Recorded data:
◇ ◇ ◇
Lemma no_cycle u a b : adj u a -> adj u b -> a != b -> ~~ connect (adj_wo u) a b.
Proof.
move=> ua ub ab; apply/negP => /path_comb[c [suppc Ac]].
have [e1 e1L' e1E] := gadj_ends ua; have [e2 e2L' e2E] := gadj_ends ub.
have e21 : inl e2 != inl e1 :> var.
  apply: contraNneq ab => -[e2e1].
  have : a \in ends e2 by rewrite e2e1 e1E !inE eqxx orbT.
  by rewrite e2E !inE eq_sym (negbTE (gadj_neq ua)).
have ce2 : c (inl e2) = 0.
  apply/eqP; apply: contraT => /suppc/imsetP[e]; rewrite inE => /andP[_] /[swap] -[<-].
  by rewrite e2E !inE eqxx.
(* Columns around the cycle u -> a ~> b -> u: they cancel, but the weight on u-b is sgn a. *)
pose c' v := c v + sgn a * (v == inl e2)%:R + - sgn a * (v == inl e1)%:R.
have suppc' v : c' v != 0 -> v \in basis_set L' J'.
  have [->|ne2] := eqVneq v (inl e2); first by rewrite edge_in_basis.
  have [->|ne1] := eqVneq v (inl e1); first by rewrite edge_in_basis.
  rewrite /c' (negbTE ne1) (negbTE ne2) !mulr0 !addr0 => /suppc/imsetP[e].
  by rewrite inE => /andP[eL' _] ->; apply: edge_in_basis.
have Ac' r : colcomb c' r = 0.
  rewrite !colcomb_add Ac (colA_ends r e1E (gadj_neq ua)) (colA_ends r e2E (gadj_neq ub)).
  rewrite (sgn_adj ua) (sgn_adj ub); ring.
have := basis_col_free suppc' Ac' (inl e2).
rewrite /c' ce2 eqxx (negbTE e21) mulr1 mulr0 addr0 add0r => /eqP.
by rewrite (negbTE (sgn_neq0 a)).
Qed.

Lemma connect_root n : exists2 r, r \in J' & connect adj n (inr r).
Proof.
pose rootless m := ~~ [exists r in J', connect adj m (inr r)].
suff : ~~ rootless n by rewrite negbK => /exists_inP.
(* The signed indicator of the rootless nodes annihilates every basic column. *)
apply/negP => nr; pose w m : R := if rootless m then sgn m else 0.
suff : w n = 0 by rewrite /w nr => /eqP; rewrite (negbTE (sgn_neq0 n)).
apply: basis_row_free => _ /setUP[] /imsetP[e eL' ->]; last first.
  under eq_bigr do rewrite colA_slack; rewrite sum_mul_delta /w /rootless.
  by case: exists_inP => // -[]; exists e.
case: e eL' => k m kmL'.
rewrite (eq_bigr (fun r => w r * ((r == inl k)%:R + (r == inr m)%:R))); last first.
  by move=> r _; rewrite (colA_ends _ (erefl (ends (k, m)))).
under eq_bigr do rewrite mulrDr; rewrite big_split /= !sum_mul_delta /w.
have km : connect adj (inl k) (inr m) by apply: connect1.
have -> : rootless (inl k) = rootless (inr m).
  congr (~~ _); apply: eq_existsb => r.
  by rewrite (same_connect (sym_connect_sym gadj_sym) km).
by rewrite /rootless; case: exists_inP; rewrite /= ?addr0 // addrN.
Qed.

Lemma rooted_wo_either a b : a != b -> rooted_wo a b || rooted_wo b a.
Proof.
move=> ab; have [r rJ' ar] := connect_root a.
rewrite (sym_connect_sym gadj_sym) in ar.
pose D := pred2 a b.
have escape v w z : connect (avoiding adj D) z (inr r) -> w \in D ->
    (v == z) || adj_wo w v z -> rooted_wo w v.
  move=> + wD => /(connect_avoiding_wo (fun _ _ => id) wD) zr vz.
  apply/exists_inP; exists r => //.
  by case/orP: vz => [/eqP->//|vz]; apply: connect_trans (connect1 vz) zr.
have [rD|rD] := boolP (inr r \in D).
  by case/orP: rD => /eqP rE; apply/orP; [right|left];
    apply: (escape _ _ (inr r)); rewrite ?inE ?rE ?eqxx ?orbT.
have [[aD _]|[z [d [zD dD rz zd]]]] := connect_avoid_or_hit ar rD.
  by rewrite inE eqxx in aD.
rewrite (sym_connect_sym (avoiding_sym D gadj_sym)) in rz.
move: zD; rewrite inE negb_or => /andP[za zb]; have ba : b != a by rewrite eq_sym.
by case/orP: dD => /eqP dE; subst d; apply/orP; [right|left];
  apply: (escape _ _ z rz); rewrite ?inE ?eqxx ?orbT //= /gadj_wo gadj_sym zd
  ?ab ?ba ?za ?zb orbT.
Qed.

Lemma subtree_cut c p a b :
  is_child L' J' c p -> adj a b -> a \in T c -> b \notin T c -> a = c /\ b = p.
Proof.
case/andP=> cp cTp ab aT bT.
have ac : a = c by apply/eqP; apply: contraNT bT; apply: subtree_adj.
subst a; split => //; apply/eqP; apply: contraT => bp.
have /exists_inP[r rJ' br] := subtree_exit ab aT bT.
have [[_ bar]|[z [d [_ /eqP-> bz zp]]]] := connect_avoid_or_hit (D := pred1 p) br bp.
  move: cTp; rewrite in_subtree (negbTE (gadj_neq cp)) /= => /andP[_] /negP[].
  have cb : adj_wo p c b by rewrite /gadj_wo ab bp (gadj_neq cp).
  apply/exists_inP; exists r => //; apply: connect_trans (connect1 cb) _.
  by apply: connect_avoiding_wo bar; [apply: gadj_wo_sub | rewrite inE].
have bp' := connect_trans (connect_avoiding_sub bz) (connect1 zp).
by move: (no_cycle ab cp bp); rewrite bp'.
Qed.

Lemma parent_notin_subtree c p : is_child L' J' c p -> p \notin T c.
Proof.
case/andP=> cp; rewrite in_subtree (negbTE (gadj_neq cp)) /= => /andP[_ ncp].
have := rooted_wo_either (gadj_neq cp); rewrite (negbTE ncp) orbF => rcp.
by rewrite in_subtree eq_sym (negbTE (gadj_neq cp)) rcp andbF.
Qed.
◇ ◇ ◇
What the task asks -
Wherever the line holding "is_child L' J' c p -> adj" falls in the entries above, copy exactly from it through the line holding "have [[_ bar]|[z", inclusive, and add nothing.

Response -
  is_child L' J' c p -> adj a b -> a \in T c -> b \notin T c -> a = c /\ b = p.
Proof.
case/andP=> cp cTp ab aT bT.
have ac : a = c by apply/eqP; apply: contraNT bT; apply: subtree_adj.
subst a; split => //; apply/eqP; apply: contraT => bp.
have /exists_inP[r rJ' br] := subtree_exit ab aT bT.
have [[_ bar]|[z [d [_ /eqP-> bz zp]]]] := connect_avoid_or_hit (D := pred1 p) br bp.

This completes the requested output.